Narrow searching, limiting a search space to a set of known, expected peptides and modified peptides, has been the field's solution to this problem, Martens said. "And it actually works surprisingly well, though it blinds us to what is truly novel."

As the findings from Nesvizhskii and his colleagues suggests, applications like open-ended modification searches abandon the constraints that make narrow searching work, Martens said.

"The important thing is then simply this: can the identification engine distinguish between a good [but incorrect] hit, and the correct hit?" he said. "And in 2011, what we said, was that there aren't any such engines around right now, provided the good hits become 'good enough'. And good hits have a higher chance of becoming 'good enough' when the search space is sufficiently large and diverse."

Martens suggested that the MSFragger software and other open searching approaches developed since the 2011 JPR paper did not fully address this issue. "If there is to be a solution, it will require a dramatic change in the way we identify spectra," he said.

Nesvizhskii also noted that questions remained around how to assess false discovery rates in open searching.

"We did a really careful analysis in our treatment of false discovery rates for open searching," he said. "But like with [narrow] searching, we still have to work more in dealing with some of the artifacts of open searching."

One potential issue is that of chimeric spectra, in which spectra are produced by the co-fragmentation of co-eluting peptides.

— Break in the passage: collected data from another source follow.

Definition full_behavior (X0 : X -> Prop) (delta : X -> U -> Y -> X -> Prop)
  (mu : nat -> U) (nu : nat -> Y) (xi : nat -> X) : Prop :=
  X0 (xi O) /\ forall k : nat, delta (xi k) (mu k) (nu k) (xi (S k)).

Definition live_reachable (X0 : X -> Prop) (delta : X -> U -> Y -> X -> Prop) : Prop :=
  (forall x, X0 x -> exists mu nu xi, full_behavior X0 delta mu nu xi /\ xi O = x) /\
  (forall x, exists mu nu xi k, full_behavior X0 delta mu nu xi /\ xi k = x).

Definition standing_delta (delta : X -> U -> Y -> X -> Prop) : Prop :=
  forall x u y x', delta x u y x' <-> (Fd delta x u x' /\ Hd delta x y).

Definition behavior (X0 : X -> Prop) (delta : X -> U -> Y -> X -> Prop)
  (w : Z -> option Y) : Prop :=
  exists mu nu xi, full_behavior X0 delta mu nu xi /\
    forall k : Z, (k < 0 -> w k = None) /\ (0 <= k -> w k = Some (nu (Z.to_nat k))).

Definition behavior_S (X0 : X -> Prop) (delta : X -> U -> Y -> X -> Prop)
  (w : Z -> option Y) (xs : Z -> option X) : Prop :=
  exists mu nu xi, full_behavior X0 delta mu nu xi /\
    forall k : Z, (k < 0 -> w k = None /\ xs k = None) /\
                  (0 <= k -> w k = Some (nu (Z.to_nat k)) /\ xs k = Some (xi (Z.to_nat k))).

End SM.

Definition Pi {Y : Type} (l : nat) (B : (Z -> option Y) -> Prop)
  (zeta : list (option Y)) : Prop :=
  exists (w : Z -> option Y) (k : nat), B w /\
    zeta = restr w (Z.of_nat k - Z.of_nat l + 1) (Z.of_nat k).

Definition SAlCA {X U Y : Type} (X0 : X -> Prop) (delta : X -> U -> Y -> X -> Prop)
  (l : nat) (w : Z -> option Y) : Prop :=
  (forall k, k < 0 -> w k = None) /\
  (forall k, 0 <= k -> exists y, w k = Some y) /\
  (exists w', behavior X0 delta w' /\
     restr w (- Z.of_nat l) 0 = restr w' (- Z.of_nat l) 0) /\
  (forall k : nat, Pi (S l) (behavior X0 delta)
                     (restr w (Z.of_nat k - Z.of_nat l) (Z.of_nat k))).

Definition Eab {X U Y : Type} (X0 : X -> Prop) (delta : X -> U -> Y -> X -> Prop)
  (a b : Z) (x : X) (zeta : list (option Y)) : Prop :=
  exists (w : Z -> option Y) (xs : Z -> option X) (k : nat),
    behavior_S X0 delta w xs /\ xs (Z.of_nat k) = Some x /\
    zeta = restr w (Z.of_nat k + a) (Z.of_nat k + b).

Definition EI {X U Y : Type} (X0 : X -> Prop) (delta : X -> U -> Y -> X -> Prop)
  (l : nat) (x : X) : list (option Y) -> Prop :=
  Eab X0 delta 0 (Z.of_nat l - 1) x.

In such cases, "open searching and narrow searching may disagree, because they can find different peptides in the same spectrum," he said. "So, we need to better understand how frequently that happens and what effect it has on open searching."

Nesvizhskii said his lab is also still working to determine the best way to make protein inferences (determining which proteins are present based on the identified peptides) based on the open search results.

"Do we allow all modified peptides to be used as support for protein identifications, or only the most common modifications, and so on," he said. But we see that even if we take the most conservative approach to protein inference with open search results, only allowing unmodified peptides or peptides you would find in a typical closed search, even with that sort of conservative approach we only lose one or two percent of proteins while we gain 30 or 40 percent of peptide spectrum matches."

"I think there's additional work to sort of improve false discovery rate estimates for open searching and address some other issues, but I think in the future this strategy has the potential to become really useful," he said.